# [TASK ITEM]
Write out exactly what each line says, starting with the first line below and ending on the one with "have Dh t : 0".

(Beginning of DATA PROVIDED)

Lemma face_pairing_path_decrease (L0 L1 L2 : R -> R) U0 U1 U2 :
  (forall t, 0 <= t <= 1 -> 0 < L0 t /\ is_derive L0 t (2 * (U1 + U2) * coth_half (L0 t))) ->
  (forall t, 0 <= t <= 1 -> 0 < L1 t /\ is_derive L1 t (2 * (U2 + U0) * coth_half (L1 t))) ->
  (forall t, 0 <= t <= 1 -> 0 < L2 t /\ is_derive L2 t (2 * (U0 + U1) * coth_half (L2 t))) ->
  let h t := U0 * hexagon_side (L0 t) (L1 t) (L2 t) + U1 * hexagon_side (L1 t) (L2 t) (L0 t)
             + U2 * hexagon_side (L2 t) (L0 t) (L1 t) in
  h 1 <= h 0 /\ (U0 <> 0 \/ U1 <> 0 \/ U2 <> 0 -> h 1 < h 0).
Proof.
move=> D0 D1 D2 h.
have Dh t : 0 <= t <= 1 -> derivable_pt_lim h t (face_dpairing (L0 t) (L1 t) (L2 t) U0 U1 U2).
  move=> t01; apply/is_derive_Reals.
  have [L0_gt0 dL0] := D0 t t01; have [L1_gt0 dL1] := D1 t t01; have [L2_gt0 dL2] := D2 t t01.
  have T0 := is_derive_scal _ _ U0 _ (is_derive_hexagon_side _ _ _ _ _ _ _ dL0 dL1 dL2 L1_gt0 L2_gt0).
  have T1 := is_derive_scal _ _ U1 _ (is_derive_hexagon_side _ _ _ _ _ _ _ dL1 dL2 dL0 L2_gt0 L0_gt0).
  have T2 := is_derive_scal _ _ U2 _ (is_derive_hexagon_side _ _ _ _ _ _ _ dL2 dL0 dL1 L0_gt0 L1_gt0).
  exact (is_derive_plus _ _ _ _ _ (is_derive_plus _ _ _ _ _ T0 T1) T2).
have [c [h10 c01]] := MVT_cor2 h _ 0 1 Rlt_0_1 Dh.
have c01' : 0 <= c <= 1 by lra.
have [L0_gt0 _] := D0 c c01'; have [L1_gt0 _] := D1 c c01'; have [L2_gt0 _] := D2 c c01'.
have [le0 lt0] := face_dpairing_le _ _ _ U0 U1 U2 L0_gt0 L1_gt0 L2_gt0.
rewrite Rminus_0_r Rmult_1_r in h10.
by split; [|move/lt0]; lra.
Qed.

HB.instance Definition _ := Monoid.isComLaw.Build R 0 Rplus
  (fun a b c => esym (Rplus_assoc a b c)) Rplus_comm Rplus_0_l.

Lemma Rsum_lt (I : finType) (G H : I -> R) j :
  (forall i, G i <= H i) -> G j < H j -> \big[Rplus/0]_i G i < \big[Rplus/0]_i H i.
Proof.
move=> GH Gj; rewrite (bigD1 j) // [X in _ < X](bigD1 j) //=.
have : \big[Rplus/0]_(i | i != j) G i <= \big[Rplus/0]_(i | i != j) H i.
  by apply: (big_ind2 Rle) => //; [exact: Rle_refl | move=> *; lra].
lra.
Qed.

Lemma succ1_succ1 (k : 'I_3) : succ1 (succ1 k) = succ2 k.
Proof. by apply: val_inj; case: k => -[|[|[|//]]] ?; rewrite /= !inordK. Qed.

Lemma succ2_succ1 (k : 'I_3) : succ2 (succ1 k) = k.
Proof. by apply: val_inj; case: k => -[|[|[|//]]] ?; rewrite /= !inordK. Qed.

Lemma succ1_succ2 (k : 'I_3) : succ1 (succ2 k) = k.
Proof. by apply: val_inj; case: k => -[|[|[|//]]] ?; rewrite /= !inordK. Qed.

Lemma succ2_succ2 (k : 'I_3) : succ2 (succ2 k) = succ1 k.
Proof. by apply: val_inj; case: k => -[|[|[|//]]] ?; rewrite /= !inordK. Qed.

Lemma big_ord3 (G : 'I_3 -> R) :
  \big[Rplus/0]_(k < 3) G k = G ord0 + G (succ1 ord0) + G (succ2 ord0).
Proof.
rewrite !big_ord_recl big_ord0 Rplus_0_r Rplus_assoc.
by congr (_ + (G _ + G _)); apply: val_inj; rewrite /= inordK.
Qed.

(End of DATA PROVIDED)

# [RESULT OF THIS EXERCISE]
Lemma face_pairing_path_decrease (L0 L1 L2 : R -> R) U0 U1 U2 :
  (forall t, 0 <= t <= 1 -> 0 < L0 t /\ is_derive L0 t (2 * (U1 + U2) * coth_half (L0 t))) ->
  (forall t, 0 <= t <= 1 -> 0 < L1 t /\ is_derive L1 t (2 * (U2 + U0) * coth_half (L1 t))) ->
  (forall t, 0 <= t <= 1 -> 0 < L2 t /\ is_derive L2 t (2 * (U0 + U1) * coth_half (L2 t))) ->
  let h t := U0 * hexagon_side (L0 t) (L1 t) (L2 t) + U1 * hexagon_side (L1 t) (L2 t) (L0 t)
             + U2 * hexagon_side (L2 t) (L0 t) (L1 t) in
  h 1 <= h 0 /\ (U0 <> 0 \/ U1 <> 0 \/ U2 <> 0 -> h 1 < h 0).
Proof.
move=> D0 D1 D2 h.
have Dh t : 0 <= t <= 1 -> derivable_pt_lim h t (face_dpairing (L0 t) (L1 t) (L2 t) U0 U1 U2).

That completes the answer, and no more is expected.